YOUR ASSIGNMENT:
Repeat verbatim only the lines from the opening of the material below through the one that contains "have lam_neq0 : lam".

EXTRACTED MATERIAL:
************

Theorem lemma3p1 (K : fieldType) (r m : nat) (lam : K)
  (n : nat) (A : algType K) (e a as_ : nat -> A) (G X : A -> A)
  (d : nat) (mu mus gam : nat -> K) :
  (1 < r)%N -> (0 < m)%N -> (r %| m)%N -> r.-primitive_root lam -> r%:R != 0 :> K ->
  (3 <= n)%N ->
  is_path_algebra n e a as_ ->
  taft_module_algebra m r lam G X ->
  inner_faithful m r lam G X ->
  (forall i, (i < n)%N ->
     in_span_vertices n e (X (e i)) /\
     in_span_vert_arrows n e a as_ (X (a i)) /\
     in_span_vert_arrows n e a as_ (X (as_ i))) ->
  (0 < d)%N -> (d <= n - 1)%N ->
  (forall i, (i < n)%N -> mu i != 0 /\ mus i != 0) ->
  (forall i, (i < n)%N ->
     G (e i) = e (((i + d) %% n)%N) /\
     G (a i) = mu i *: a (((i + d) %% n)%N) /\
     G (as_ i) = mus i *: as_ (((i + d) %% n)%N)) ->
  (forall i, (i < n)%N ->
     X (e i) = gam i *: e i - (gam i / lam) *: e (((i + d) %% n)%N)) ->
  exists c0 c1 c0s c1s : K, forall i, (i < n)%N ->
    qt_sigma G X lam gam i (((i + 1) %% n)%N) (a i) =
      (if d == (n - 2)%N then
         (if ~~ odd i then
            (lam ^+ i./2 * (\prod_(k < i./2) mu (i - 2 * k)%N)
               / (\prod_(k < i./2) mus (i - 1 - 2 * k)%N) * c0)
              *: as_ (((i + n - 1) %% n)%N)
          else
            (lam ^+ (i - 1)./2 * (\prod_(k < (i - 1)./2) mu (i - 2 * k)%N)
               / (\prod_(k < (i - 1)./2) mus (i - 1 - 2 * k)%N) * c1)
              *: as_ (((i + n - 1) %% n)%N))
       else if d == (n - 1)%N then
         (lam ^+ i * (\prod_(k < i) mu k.+1) * c0) *: e i
       else 0)
    /\
    qt_sigma G X lam gam (((i + 1) %% n)%N) i (as_ i) =
      (if d == 2%N then
         (if ~~ odd i then
            (lam ^- i./2 * (\prod_(k < i./2) mu (i - 1 - 2 * k)%N)
               / (\prod_(k < i./2) mus (i - 2 - 2 * k)%N) * c0s)
              *: a (((i + 1) %% n)%N)
          else
            (lam ^- (i - 1)./2 * (\prod_(k < (i - 1)./2) mu (i - 1 - 2 * k)%N)
               / (\prod_(k < (i - 1)./2) mus (i - 2 - 2 * k)%N) * c1s)
              *: a (((i + 1) %% n)%N))
       else if d == 1%N then
         ((lam ^+ i * \prod_(k < i) mus k)^-1 * c0s) *: e (((i + 1) %% n)%N)
       else 0).
Proof.
move=> _ _ _ prim _ n_ge3 Qbar [G_linP [X_linP [GX [_ [_ [_ [GM [_ XM]]]]]]]] _.
move=> X_span d_gt0 d_le mu_neq0 G_rot Xe; have n_gt0 : (0 < n)%N by lia.
have lam_neq0 : lam != 0 by rewrite (prim_root_eq0 prim) -lt0n (prim_order_gt0 prim).
have [vertex_mul [_ [arrow_ends _]]] := Qbar.
have mus_neq0 i (lt_in : (i < n)%N) := (mu_neq0 i lt_in).2.
have Ge i (lt_in : (i < n)%N) := (G_rot i lt_in).1.
have Ga i (lt_in : (i < n)%N) := (G_rot i lt_in).2.1.
have Gas i (lt_in : (i < n)%N) := (G_rot i lt_in).2.2.
have [c0 [c1 sig_a]] := sigma_a_closed_form n_ge3 d_gt0 d_le vertex_mul arrow_ends
  (fun i => vertex_neq0 Qbar) (fun i => rev_arrow_neq0 n_gt0 Qbar) G_linP X_linP GX GM XM
  lam_neq0 mus_neq0 Ge Ga Gas Xe (fun i lt_in => (X_span i lt_in).2.1).
have [c0s [c1s sig_as]] := sigma_as_closed_form n_ge3 d_gt0 d_le vertex_mul arrow_ends
  G_linP X_linP GX GM XM lam_neq0 mus_neq0 Ge Ga Gas Xe (fun i lt_in => (X_span i lt_in).2.2).
exists c0, c1, c0s, c1s => i lt_in; rewrite sig_a // sig_as //.
(* [coef_a] and [coef_as] unfold to the stated products; for odd i, (i - 1)./2 = i./2. *)
case: (boolP (odd i)) => odd_i //=.
by have -> : ((i - 1)./2 = i./2)%N by lia.
Qed.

************

EXERCISE RESPONSE:
Theorem lemma3p1 (K : fieldType) (r m : nat) (lam : K)
  (n : nat) (A : algType K) (e a as_ : nat -> A) (G X : A -> A)
  (d : nat) (mu mus gam : nat -> K) :
  (1 < r)%N -> (0 < m)%N -> (r %| m)%N -> r.-primitive_root lam -> r%:R != 0 :> K ->
  (3 <= n)%N ->
  is_path_algebra n e a as_ ->
  taft_module_algebra m r lam G X ->
  inner_faithful m r lam G X ->
  (forall i, (i < n)%N ->
     in_span_vertices n e (X (e i)) /\
     in_span_vert_arrows n e a as_ (X (a i)) /\
     in_span_vert_arrows n e a as_ (X (as_ i))) ->
  (0 < d)%N -> (d <= n - 1)%N ->
  (forall i, (i < n)%N -> mu i != 0 /\ mus i != 0) ->
  (forall i, (i < n)%N ->
     G (e i) = e (((i + d) %% n)%N) /\
     G (a i) = mu i *: a (((i + d) %% n)%N) /\
     G (as_ i) = mus i *: as_ (((i + d) %% n)%N)) ->
  (forall i, (i < n)%N ->
     X (e i) = gam i *: e i - (gam i / lam) *: e (((i + d) %% n)%N)) ->
  exists c0 c1 c0s c1s : K, forall i, (i < n)%N ->
    qt_sigma G X lam gam i (((i + 1) %% n)%N) (a i) =
      (if d == (n - 2)%N then
         (if ~~ odd i then
            (lam ^+ i./2 * (\prod_(k < i./2) mu (i - 2 * k)%N)
               / (\prod_(k < i./2) mus (i - 1 - 2 * k)%N) * c0)
              *: as_ (((i + n - 1) %% n)%N)
          else
            (lam ^+ (i - 1)./2 * (\prod_(k < (i - 1)./2) mu (i - 2 * k)%N)
               / (\prod_(k < (i - 1)./2) mus (i - 1 - 2 * k)%N) * c1)
              *: as_ (((i + n - 1) %% n)%N))
       else if d == (n - 1)%N then
         (lam ^+ i * (\prod_(k < i) mu k.+1) * c0) *: e i
       else 0)
    /\
    qt_sigma G X lam gam (((i + 1) %% n)%N) i (as_ i) =
      (if d == 2%N then
         (if ~~ odd i then
            (lam ^- i./2 * (\prod_(k < i./2) mu (i - 1 - 2 * k)%N)
               / (\prod_(k < i./2) mus (i - 2 - 2 * k)%N) * c0s)
              *: a (((i + 1) %% n)%N)
          else
            (lam ^- (i - 1)./2 * (\prod_(k < (i - 1)./2) mu (i - 1 - 2 * k)%N)
               / (\prod_(k < (i - 1)./2) mus (i - 2 - 2 * k)%N) * c1s)
              *: a (((i + 1) %% n)%N))
       else if d == 1%N then
         ((lam ^+ i * \prod_(k < i) mus k)^-1 * c0s) *: e (((i + 1) %% n)%N)
       else 0).
Proof.
move=> _ _ _ prim _ n_ge3 Qbar [G_linP [X_linP [GX [_ [_ [_ [GM [_ XM]]]]]]]] _.
move=> X_span d_gt0 d_le mu_neq0 G_rot Xe; have n_gt0 : (0 < n)%N by lia.
have lam_neq0 : lam != 0 by rewrite (prim_root_eq0 prim) -lt0n (prim_order_gt0 prim).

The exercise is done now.